The gully was quite wide in front of them, and to the left extended into the woods as far as they could see, while on the right it presently ended at a great mass of ledge rock, which towered well above their heads, and was crowned with trees, some of them very big, while at different points, as far as the bottom, there were trees of various sizes growing from crevices in the rock.
“H’m! I guess they did not know about this,” muttered Percival. “This gully can be bridged all right, and it will be a nice job for us; just the sort I like, but in the meantime, how are we going to get over and go on with our exploring?”
“You ought to know that,” laughed Billy Manners. “You are an engineer, you know. A little thing like that ought not to bother you.”

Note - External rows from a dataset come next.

Lemma sum_step_kap_obs mu h (G : sched U K -> {ffun 'I_U -> bool} -> R) :
  \sum_(r : rec U K) step lam mu pi h r * G (kap r) (obs r) =
  \sum_(f : sched U K) pi h f * \sum_o obs_prob mu f o * G f o.
Proof.
have sum_rec (H : rec U K -> R) : \sum_r H r = \sum_a \sum_f \sum_o H (a, f, o).
  by rewrite pair_big pair_big; apply: eq_bigr => -[[a f] o].
rewrite sum_rec exchange_big /=; apply: eq_bigr => f _.
transitivity (\sum_(a : {ffun 'I_U -> bool}) (\prod_u bern (lam u) (a u)) *
   (pi h f * \sum_o obs_prob mu f o * G f o)).
  apply: eq_bigr => a _; rewrite !big_distrr; apply: eq_bigr => o _.
  by rewrite /step /obs_prob /=; ring.
by rewrite -big_distrl /= (sum_ffun_prod1 (fun u => sum_bern (lam u))) mul1r.
Qed.

Lemma sum_step mu h : \sum_(r : rec U K) step lam mu pi h r = 1.
Proof.
transitivity (\sum_f pi h f * \sum_o obs_prob mu f o * 1).
  by rewrite -sum_step_kap_obs; apply: eq_bigr => r _; rewrite mulr1.
under eq_bigr do rewrite (eq_bigr _ (fun o _ => mulr1 _)) sum_obs_prob mulr1.
by case: hpi => _ [].
Qed.

Section Nonneg.
Variable mu : 'I_U -> 'I_K -> R.
Hypothesis hmu : forall u k, 0 <= mu u k <= 1.

Lemma step_ge0 h r : 0 <= step lam mu pi h r.
Proof.
have prod_bern_ge0 (p : 'I_U -> R) b : (forall u, 0 <= p u <= 1) ->
    0 <= \prod_u bern (p u) (b u).
  by move=> hp; apply: prodr_ge0 => u _; apply: bern_ge0.
by rewrite /step !mulr_ge0 ?prod_bern_ge0 //; case: hpi.
Qed.

Lemma hprob_ge0 h : 0 <= hprob lam mu pi h.
Proof. by elim: h => [|r h IH] /=; [exact: ler01 | exact: mulr_ge0 IH (step_ge0 _ _)]. Qed.

Lemma ET_ge0 t u k : 0 <= ET lam mu pi t u k.
Proof. by apply: sumr_ge0 => h _; rewrite mulr_ge0 ?hprob_ge0. Qed.

End Nonneg.

Lemma sum_hprob mu t : \sum_(h : t.-tuple (rec U K)) hprob lam mu pi h = 1.
Proof.
elim: t => [|t IH]; first by rewrite sum_tuple0.
rewrite sum_tupleS exchange_big /= -[RHS]IH; apply: eq_bigr => h _.
by rewrite -big_distrr /= sum_step mulr1.
Qed.

Lemma expect_additive_eq mu (g1 g2 : rec U K -> R) :
  (forall h, \sum_r step lam mu pi h r * g1 r = \sum_r step lam mu pi h r * g2 r) ->
  forall t, \sum_(h : t.-tuple (rec U K)) hprob lam mu pi h * \sum_(r <- h) g1 r =
            \sum_(h : t.-tuple (rec U K)) hprob lam mu pi h * \sum_(r <- h) g2 r.
Proof.
move=> hg; elim=> [|t IH]; first by rewrite !sum_tuple0 !big_nil.
have unfold_last (g : rec U K -> R) :
  \sum_(h : t.+1.-tuple (rec U K)) hprob lam mu pi h * \sum_(r <- h) g r =
  \sum_(h : t.-tuple (rec U K)) hprob lam mu pi h * (\sum_r step lam mu pi h r * g r) +
  \sum_(h : t.-tuple (rec U K)) hprob lam mu pi h * \sum_(r <- h) g r.
  rewrite sum_tupleS exchange_big -big_split; apply: eq_bigr => h _ /=.
  set P := hprob lam mu pi h.
  transitivity (\sum_r (P * (step lam mu pi h r * g r) +
                        P * (\sum_(r0 <- h) g r0) * step lam mu pi h r)).
    by apply: eq_bigr => r _; rewrite big_cons; ring.
  by rewrite big_split /= -!big_distrr /= sum_step mulr1.
by rewrite !unfold_last IH; congr (_ + _); apply: eq_bigr => h _; rewrite hg.
Qed.

Lemma sum_Tcount u (h : history U K) : (\sum_j Tcount u j h)%N = size h.
Proof.
elim: h => [|r h IH]; first by rewrite big1.
rewrite /Tcount /= big_split /= -/(Tcount _ _ _) IH (bigD1 (kap r u)) //= eqxx big1 //.
by move=> j; rewrite eq_sym => /negbTE ->.
Qed.

Lemma big_kap_Tcount v (F : 'I_K -> R) (h : history U K) :
  \sum_(r <- h) F (kap r v) = \sum_j F j * (Tcount v j h)%:R.
Proof.
elim: h => [|r h IH]; first by rewrite big_nil big1 // => j _; rewrite mulr0.
rewrite big_cons IH /Tcount /=.
under [RHS]eq_bigr do rewrite natrD mulrDr.
rewrite big_split /=; congr (_ + _).
rewrite (bigD1 (kap r v)) //= eqxx mulr1 big1 ?addr0 // => j.
by rewrite eq_sym => /negbTE ->; rewrite mulr0.
Qed.

End Kernel.

(** * Divergence decomposition *)

Lemma ln_prod (R : realType) (I : Type) (s : seq I) (F : I -> R) :
  (forall i, 0 < F i) -> ln (\prod_(i <- s) F i) = \sum_(i <- s) ln (F i).
Proof.
move=> F0; elim: s => [|i s IH]; first by rewrite !big_nil ln1.
by rewrite !big_cons lnM ?IH // posrE // prodr_gt0.
Qed.

Section Divergence.
Context {R : realType} {U K : nat} {lam : 'I_U -> R} { pi : policy R U K }.
Hypothesis hpi : valid_policy pi.
Hypothesis hlam : forall u, 0 <= lam u <= 1.
Variables mu mu' : 'I_U -> 'I_K -> R.
Hypothesis hmu : forall u k, 0 <= mu u k <= 1.
Hypothesis hmu' : forall u k, 0 <= mu' u k <= 1.
Hypothesis abs_cont : forall v j b, 0 < bern (mu v j) b -> 0 < bern (mu' v j) b.

Definition llr (r : rec U K) :=
  \sum_v ln (bern (mu v (kap r v)) (obs r v) / bern (mu' v (kap r v)) (obs r v)).

Lemma expect_step_llr h :
  \sum_(r : rec U K) step lam mu pi h r * llr r =
  \sum_(r : rec U K) step lam mu pi h r * \sum_v KL (mu v (kap r v)) (mu' v (kap r v)).
Proof.
pose G f o := \sum_v ln (bern (mu v (f v)) (o v) / bern (mu' v (f v)) (o v)).
pose G' (f : sched U K) (o : {ffun 'I_U -> bool}) := \sum_v KL (mu v (f v)) (mu' v (f v)).
rewrite (sum_step_kap_obs mu h G) (sum_step_kap_obs mu h G').
apply: eq_bigr => f _; congr (_ * _); rewrite -big_distrl /= sum_obs_prob mul1r.
under eq_bigr do rewrite big_distrr /=.
rewrite exchange_big; apply: eq_bigr => v _.
rewrite /obs_prob (sum_ffun_prod_marginal (fun u => bern (mu u (f u))) v
  (fun b => ln (bern (mu v (f v)) b / bern (mu' v (f v)) b))).
by rewrite sum_bern_ln_ratio big1 ?mulr1 // => w _; apply: sum_bern.
Qed.

Lemma obs_prob_factor_gt0 (m : 'I_U -> 'I_K -> R) f o :
  (forall u k, 0 <= m u k <= 1) ->
  0 < obs_prob m f o -> forall u, 0 < bern (m u (f u)) (o u).
Proof.
move=> hm; rewrite lt0r => /andP[/prodf_neq0 o0 _] u.
by rewrite lt0r o0 ?bern_ge0.
Qed.

(* The policy and arrival factors of a slot cancel in the likelihood ratio. *)
Lemma step_ratio h r : 0 < step lam mu pi h r ->
  [/\ 0 < step lam mu' pi h r, 0 < obs_prob mu (kap r) (obs r),
      0 < obs_prob mu' (kap r) (obs r) &
      step lam mu pi h r / step lam mu' pi h r =
      obs_prob mu (kap r) (obs r) / obs_prob mu' (kap r) (obs r)].
Proof.
have hpa : 0 <= pi h (kap r) * \prod_u bern (lam u) (arr r u).
  by rewrite mulr_ge0 ?prodr_ge0 //; [case: hpi | move=> u _; apply: bern_ge0].
rewrite /step -/(obs_prob mu _ _) -/(obs_prob mu' _ _).
rewrite mulr_ge0_gt0 ?prodr_ge0 // => [/andP[pa0 o0]|u _]; last exact: bern_ge0.
have o0' : 0 < obs_prob mu' (kap r) (obs r).
  by apply: prodr_gt0 => u _; apply/abs_cont/(obs_prob_factor_gt0 hmu o0).
split; [exact: mulr_gt0 | by [] | by [] |].
by rewrite invfM mulrACA divff ?gt_eqF // mul1r.
Qed.

Lemma hprob_abs_cont h : 0 < hprob lam mu pi h -> 0 < hprob lam mu' pi h.
Proof.
elim: h => [|r h IH] //=.
rewrite mulr_ge0_gt0 ?hprob_ge0 ?step_ge0 // => /andP[/IH p0 /step_ratio[s0 _ _ _]].
exact: mulr_gt0.
Qed.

“Well, it does all the same,” said Percival with some impatience, as Billy took the black box from under his arm. “What are you going to do now, you funny fellow?”

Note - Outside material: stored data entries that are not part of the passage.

(* Consider a sequence of screening problems indexed by the number of alternatives $k$, with fixed $m$ and $\delta>0$, alternatives labeled so that $\mu_1\ge\dots\ge\mu_k$, and $\mathcal{G}=\{i:\mu_i\ge\mu_m-\delta\}$. Suppose $\limsup_{k\to\infty}|\mathcal{G}|<\infty$. Let a budget allocation algorithm satisfy the two randomization properties below. If the total evaluation budget $B$ satisfies $\lim_{k\to\infty}B/k=0$, then $\limsup_{k\to\infty}\mathrm{PGS}_m=0$.
   Context: A budget allocation algorithm allocates a total of $B$ observations to the $k$ alternatives one at a time (each observation of alternative $i$ is a noisy evaluation with mean $\mu_i$), and when the budget is exhausted outputs a subset $\mathcal{S}$ of $m$ alternatives; $\mathrm{PGS}_m=\Pr\{\mathcal{S}\subseteq\mathcal{G}\}$. Property 1: letting $\mathcal{A}_t$ be the set of alternatives with no observations when the $t$-th observation is allocated, if the algorithm allocates the $t$-th observation to an alternative in $\mathcal{A}_t$, then every alternative in $\mathcal{A}_t$ is selected with equal probability. Property 2: letting $\mathcal{A}$ be the set of alternatives with no observations when the budget is exhausted, if $|\mathcal{A}|\ge m$ and the algorithm chooses its $m$ output alternatives from $\mathcal{A}$, then every $m$-element subset of $\mathcal{A}$ is selected with equal probability. *)

From HB Require Import structures.
From mathcomp Require Import all_boot all_order all_algebra.
From mathcomp Require Import all_classical all_reals all_analysis.
Set Implicit Arguments. Unset Strict Implicit. Unset Printing Implicit Defensive.
Import Order.TTheory GRing.Theory Num.Theory.
Local Open Scope ring_scope.

(* Good set G = {i : mu_i >= mu_m - delta}, where alternatives are 0-indexed,
   so mu_m (1-based) is mu at index m-1. (Empty when k < m.) *)
Definition goodset (R : realType) (k : nat) (mu : 'I_k -> R) (m : nat) (delta : R)
  : {set 'I_k} :=
  [set i : 'I_k | [exists j : 'I_k, (nat_of_ord j == m.-1) && (mu j - delta <= mu i)]].

(* Set of alternatives with no observations when the (t+1)-th observation
   (0-based index t) is allocated: those not chosen by X 0, ..., X (t-1). *)
Definition unobserved (T : Type) (k : nat) (X : nat -> T -> 'I_k) (t : nat) (w : T)
  : {set 'I_k} :=
  [set i : 'I_k | [forall s : 'I_t, X s w != i]].

(* Write U_t for the alternatives not yet observed when the t-th observation is
   allocated, and let G be the good set, with |G| <= g.  If the output S lies in
   G, then either some i in G is observed for the first time at a step t < B, or
   S is contained in U_B.  Property 1 makes every unobserved alternative equally
   likely to be picked at step t; as at least k - t are unobserved and only one
   is picked, i is first observed at t with probability at most 1/(k - t).
   Property 2, applied to the sets obtained from S by swapping one element for
   an unobserved alternative outside S, likewise bounds the probability that
   the output is a given fresh set by 1/(k - B - m).  A union bound over the gB
   pairs (i, t) and the 2^g subsets of G gives (k - B - m) PGS <= gB + 2^g,
   which forces PGS -> 0 when B = o(k). *)

From HB Require Import structures.
From mathcomp Require Import all_boot all_order all_algebra.
From mathcomp Require Import all_classical all_reals all_analysis.
From mathcomp Require Import measurable_realfun zify.
Import Order.TTheory GRing.Theory Num.Theory.
Local Open Scope classical_set_scope.
Local Open Scope ring_scope.

Definition hits {T : Type} {J : finType} (A : J -> set T) (w : T) : nat :=
  #|[set j | `[< A j w >]]%SET|.

Section hits_probability.
Context {d : measure_display} {T : measurableType d} {R : realType} {J : finType}.
Variable P : probability T R.
Local Open Scope ereal_scope.

Lemma sum_indic_hits (A : J -> set T) w : (\sum_j \1_(A j) w)%R = (hits A w)%:R :> R.
Proof.
rewrite /hits -sum1_card natr_sum [RHS]big_mkcond /=; apply: eq_bigr => j _.
by rewrite indicE inE; case: asboolP => Ajw; [rewrite mem_set | rewrite memNset].
Qed.

Lemma measurable_fun_hits (A : J -> set T) : (forall j, measurable (A j)) ->
  measurable_fun setT (fun w => ((hits A w)%:R : R)%:E).
Proof.
move=> mA; under eq_fun do rewrite -sum_indic_hits.
by apply/measurable_EFinP; apply: measurable_sum => j; exact: measurable_indic.
Qed.

Lemma sum_probability_hits (A : J -> set T) : (forall j, measurable (A j)) ->
  \sum_j P (A j) = \int[P]_w ((hits A w)%:R : R)%:E.
Proof.
move=> mA; under eq_bigr do rewrite -[A _]setIT -integral_indic //.
rewrite -ge0_integral_sum //; last first.
  by move=> j; apply/measurable_EFinP; exact: measurable_indic.
by apply: eq_integral => w _; rewrite sumEFin sum_indic_hits.
Qed.

Lemma le_hits_sum_probability (A : J -> set T) (C : set T) (c : nat) :
  (forall j, measurable (A j)) -> measurable C ->
  (forall w, C w -> (c <= hits A w)%N) ->
  c%:R%:E * P C <= \sum_j P (A j).
Proof.
move=> mA mC hitsC; rewrite sum_probability_hits // -[C in P C]setIT -integral_indic //.
rewrite -(@integralZl_indic _ _ _ _ _ measurableT (fun _ => C)) //; last by rewrite ltrn0.
apply: ge0_le_integral => //; last 2 first.
- exact: measurable_fun_hits.
- move=> w _; rewrite lee_fin indicE; have [/set_mem Cw|_] := boolP (w \in C).
    by rewrite mulr1 ler_nat hitsC.
  by rewrite mulr0.
by apply/measurable_EFinP; apply: measurable_funM => //; exact: measurable_indic.
Qed.

Lemma sum_probability_le1 (A : J -> set T) : (forall j, measurable (A j)) ->
  (forall w, (hits A w <= 1)%N) -> \sum_j P (A j) <= 1.
Proof.
move=> mA hits_le1; rewrite sum_probability_hits //.
apply: le_trans (probability_le1 P measurableT); rewrite -[P setT]mul1e -integral_cst //.
apply: ge0_le_integral => //; first exact: measurable_fun_hits.
by move=> w _; rewrite lee_fin (ler_nat _ _ 1).
Qed.

Lemma exchange_hits_bound (A A' : J -> set T) (C : set T) (c : nat) :
  (forall j, measurable (A j)) -> (forall j, measurable (A' j)) -> measurable C ->
  (forall j, P (A j) = P (A' j)) ->
  (forall w, C w -> (c <= hits A w)%N) -> (forall w, (hits A' w <= 1)%N) ->
  c%:R%:E * P C <= 1.
Proof.
move=> mA mA' mC AA' hitsC hitsA'.
apply: le_trans (le_hits_sum_probability _ _ _ mA mC hitsC) _.
rewrite (eq_bigr _ (fun j _ => AA' j)); exact: sum_probability_le1.
Qed.

End hits_probability.

Section finite_valued.
Context {d : measure_display} {T : measurableType d}.

Lemma measurable_fin_forall {I : finType} (F : I -> set T) :
  (forall i, measurable (F i)) -> measurable [set w | forall i, F i w].
Proof.
move=> mF; rewrite (_ : [set w | _] = \bigcap_(i in [set: I]) F i).
  by apply: fin_bigcap_measurable => //; exact: finite_finset.
by apply/seteqP; split => w /= Fw i //; exact: Fw.
Qed.

Lemma measurable_fin_preimage {J : finType} (f : T -> J) :
  (forall y, measurable [set w | f w = y]) -> forall A : set J, measurable (f @^-1` A).
Proof.
move=> mf A; rewrite (_ : f @^-1` A = \bigcup_(y in A) [set w | f w = y]).
  by apply: fin_bigcup_measurable => //; exact: finite_finset.
apply/seteqP; split => [w Afw|w [y Ay /= fwy]]; first by exists (f w).
by rewrite /preimage /= fwy.
Qed.

Variables (k : nat) (X : nat -> T -> 'I_k).
Hypothesis mX : forall t i, measurable [set w | X t w = i].

Lemma measurable_mem_unobserved t i : measurable [set w | i \in unobserved X t w].
Proof.
rewrite (_ : [set w | _] = [set w | forall s : 'I_t, X s w != i]).
  apply: measurable_fin_forall => s.
  exact: (measurable_fin_preimage _ (mX s) [set j | j != i]).
by apply/seteqP; split => w /=; rewrite inE => /forallP.
Qed.

Lemma measurable_sub_unobserved t (A : {set 'I_k}) :
  measurable [set w | A \subset unobserved X t w].
Proof.
rewrite (_ : [set w | _] = [set w | forall i : {i | i \in A}, val i \in unobserved X t w]).
  by apply: measurable_fin_forall => i; exact: measurable_mem_unobserved.
apply/seteqP; split => w /=; first by move/fintype.subsetP => AU [i /= /AU].
by move=> AU; apply/fintype.subsetP => i iA; exact: (AU (exist _ i iA)).
Qed.

End finite_valued.

Lemma card_unobserved_ge {T : Type} {k : nat} (X : nat -> T -> 'I_k) t w :
  (k - t <= #|unobserved X t w|)%N.
Proof.
rewrite (_ : unobserved X t w = ~: [set X s w | s : 'I_t]).
  rewrite cardsCs finset.setCK card_ord leq_sub2l //.
  by rewrite (leq_trans (leq_imset_card _ _)) // card_ord.
apply/setP => i; rewrite !inE; apply/forallP/negP => [Xi /imsetP[s _ Xs]|Xi s].
  by move: (Xi s); rewrite Xs eqxx.
by apply/eqP => Xs; apply: Xi; apply/imsetP; exists s.
Qed.

Lemma first_observation {T : Type} {k : nat} {X : nat -> T -> 'I_k} {n w i} :
  i \notin unobserved X n w -> exists t : 'I_n, i \in unobserved X t w /\ X t w = i.
Proof.
rewrite inE negb_forall => /existsP[s]; rewrite negbK => Xs.
have observed : exists t, ((t < n)%N && (X t w == i)) by exists s; rewrite ltn_ord.
have [t /andP[tn /eqP Xt] t_min] := ex_minnP observed.
exists (Ordinal tn); split => //; rewrite inE; apply/forallP => r; apply/negP => /eqP Xr.
have := t_min r; rewrite (ltn_trans (ltn_ord r) tn) Xr eqxx => /(_ isT).
by rewrite leqNgt ltn_ord.
Qed.

Lemma sum_nat_of_bool (I : finType) (p : pred I) :
  (\sum_i (p i : nat))%N = #|[set i | p i]%SET|.
Proof. by rewrite -sum1dep_card [RHS]big_mkcond. Qed.

Section budget_bound.
Context {d : measure_display} {T : measurableType d} {R : realType}.
Variable P : probability T R.
Context {k m n : nat} {X : nat -> T -> 'I_k} {S : T -> {set 'I_k}}.
Hypothesis mX : forall t i, measurable [set w | X t w = i].
Hypothesis mS : forall A, measurable [set w | S w = A].
Hypothesis m_gt0 : (0 < m)%N.
Hypothesis card_S : forall w, #|S w| = m.
Hypothesis pick_exchangeable : forall t, (t < n)%N -> forall i j : 'I_k,
  P [set w | i \in unobserved X t w /\ j \in unobserved X t w /\ X t w = i]
  = P [set w | i \in unobserved X t w /\ j \in unobserved X t w /\ X t w = j].
Hypothesis output_exchangeable : forall S1 S2 : {set 'I_k}, #|S1| = m -> #|S2| = m ->
  P [set w | S1 \subset unobserved X n w /\ S2 \subset unobserved X n w /\ S w = S1]
  = P [set w | S1 \subset unobserved X n w /\ S2 \subset unobserved X n w /\ S w = S2].

Definition first_obs t (i : 'I_k) : set T :=
  [set w | i \in unobserved X t w] `&` [set w | X t w = i].

Definition fresh_output (A : {set 'I_k}) : set T :=
  [set w | A \subset unobserved X n w] `&` [set w | S w = A].

Lemma measurable_first_obs t i : measurable (first_obs t i).
Proof. by apply: measurableI; [exact: measurable_mem_unobserved|exact: mX]. Qed.

Lemma measurable_fresh_output A : measurable (fresh_output A).
Proof. by apply: measurableI; [exact: measurable_sub_unobserved|exact: mS]. Qed.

“Take a picture of that ledge,” said Billy, looking around for a flat rock or a stump upon which to place his box.
“Wait a minute till we get back,” said Blaisdell, who had joined Jack at the gully. “It looks to me as if there was a cave down there. There is some sort of an opening at the bottom of the ledge, seems to me.”
“Yes, so there is. I never noticed it before. How are you going to get a picture, Billy? That is no camera you have. Where is your lens?”
“Haven’t any! I can take a picture without a lens, only it will require more time to make the exposure.”
“Take a photograph without a lens?” said Percival in a tone of doubt, mixed with scorn. “You must be crazy!”
Several of the boys thought the same as Dick, and laughed heartily at what they considered one of Billy’s harum scarum schemes.